* _Problem to solve_:
Look below for the line containing "Proof. by apply: comp_graph_equiv fr1"; from there, print each line exactly up to and including the line containing "Proof. by apply: comp_graph_equiv fr2", and stop.

[Entries taken from a collection]
====
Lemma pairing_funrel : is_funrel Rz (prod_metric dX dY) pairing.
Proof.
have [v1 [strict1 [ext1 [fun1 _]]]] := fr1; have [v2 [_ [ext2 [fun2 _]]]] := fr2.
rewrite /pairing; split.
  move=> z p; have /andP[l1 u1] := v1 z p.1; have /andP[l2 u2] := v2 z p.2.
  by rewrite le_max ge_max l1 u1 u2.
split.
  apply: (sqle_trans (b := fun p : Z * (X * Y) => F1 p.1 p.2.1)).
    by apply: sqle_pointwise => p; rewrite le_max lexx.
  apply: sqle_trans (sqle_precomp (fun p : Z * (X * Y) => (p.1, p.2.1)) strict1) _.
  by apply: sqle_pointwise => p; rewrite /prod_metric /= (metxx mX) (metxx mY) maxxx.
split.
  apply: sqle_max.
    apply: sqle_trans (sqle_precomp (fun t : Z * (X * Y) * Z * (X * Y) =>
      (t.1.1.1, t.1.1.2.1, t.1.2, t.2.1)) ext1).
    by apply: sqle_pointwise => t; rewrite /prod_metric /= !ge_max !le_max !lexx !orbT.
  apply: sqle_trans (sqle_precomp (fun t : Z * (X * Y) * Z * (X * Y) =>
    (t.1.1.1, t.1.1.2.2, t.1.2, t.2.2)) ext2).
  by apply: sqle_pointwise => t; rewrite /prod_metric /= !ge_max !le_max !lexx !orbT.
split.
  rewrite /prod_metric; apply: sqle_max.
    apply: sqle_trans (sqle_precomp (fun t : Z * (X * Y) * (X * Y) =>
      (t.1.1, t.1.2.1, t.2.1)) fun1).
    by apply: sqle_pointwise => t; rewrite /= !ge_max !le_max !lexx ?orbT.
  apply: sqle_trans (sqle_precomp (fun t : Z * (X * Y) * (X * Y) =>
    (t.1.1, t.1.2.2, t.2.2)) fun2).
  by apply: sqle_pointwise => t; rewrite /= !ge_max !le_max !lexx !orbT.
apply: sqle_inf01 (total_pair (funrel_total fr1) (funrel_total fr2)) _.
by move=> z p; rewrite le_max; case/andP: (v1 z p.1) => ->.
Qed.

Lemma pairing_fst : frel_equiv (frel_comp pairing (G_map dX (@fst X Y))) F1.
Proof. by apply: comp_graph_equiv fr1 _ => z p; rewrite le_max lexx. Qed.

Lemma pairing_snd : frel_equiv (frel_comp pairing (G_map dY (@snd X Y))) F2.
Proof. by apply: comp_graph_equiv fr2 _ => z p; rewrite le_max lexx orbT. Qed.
====
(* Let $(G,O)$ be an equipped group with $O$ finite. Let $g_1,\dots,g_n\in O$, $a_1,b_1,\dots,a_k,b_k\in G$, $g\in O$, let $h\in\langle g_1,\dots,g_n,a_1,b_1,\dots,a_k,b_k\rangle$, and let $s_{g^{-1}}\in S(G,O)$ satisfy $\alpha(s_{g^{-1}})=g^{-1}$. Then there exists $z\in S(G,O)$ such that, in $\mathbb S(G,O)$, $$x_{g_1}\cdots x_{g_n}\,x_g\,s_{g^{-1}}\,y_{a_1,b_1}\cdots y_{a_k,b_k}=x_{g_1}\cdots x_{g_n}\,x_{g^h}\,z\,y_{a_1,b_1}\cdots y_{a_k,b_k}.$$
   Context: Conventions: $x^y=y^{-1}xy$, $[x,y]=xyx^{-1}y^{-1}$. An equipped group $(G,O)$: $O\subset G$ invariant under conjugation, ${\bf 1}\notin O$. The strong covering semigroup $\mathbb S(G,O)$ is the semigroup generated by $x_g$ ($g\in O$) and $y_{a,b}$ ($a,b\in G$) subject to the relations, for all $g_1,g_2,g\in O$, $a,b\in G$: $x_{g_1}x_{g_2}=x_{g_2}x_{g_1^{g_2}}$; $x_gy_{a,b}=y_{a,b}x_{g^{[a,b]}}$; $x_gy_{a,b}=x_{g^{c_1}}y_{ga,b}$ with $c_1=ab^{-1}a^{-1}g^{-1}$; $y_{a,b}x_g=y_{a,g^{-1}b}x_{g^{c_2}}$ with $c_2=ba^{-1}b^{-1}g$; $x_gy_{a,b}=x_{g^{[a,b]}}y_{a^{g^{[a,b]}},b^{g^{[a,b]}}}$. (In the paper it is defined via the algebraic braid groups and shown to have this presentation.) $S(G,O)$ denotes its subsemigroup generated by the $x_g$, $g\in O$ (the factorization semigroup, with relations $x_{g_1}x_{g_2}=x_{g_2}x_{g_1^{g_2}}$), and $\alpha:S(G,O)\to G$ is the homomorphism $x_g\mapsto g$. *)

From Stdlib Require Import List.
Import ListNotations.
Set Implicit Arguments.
====
* _Answer area_:
Proof. by apply: comp_graph_equiv fr1 _ => z p; rewrite le_max lexx. Qed.

Lemma pairing_snd : frel_equiv (frel_comp pairing (G_map dY (@snd X Y))) F2.
Proof. by apply: comp_graph_equiv fr2 _ => z p; rewrite le_max lexx orbT. Qed.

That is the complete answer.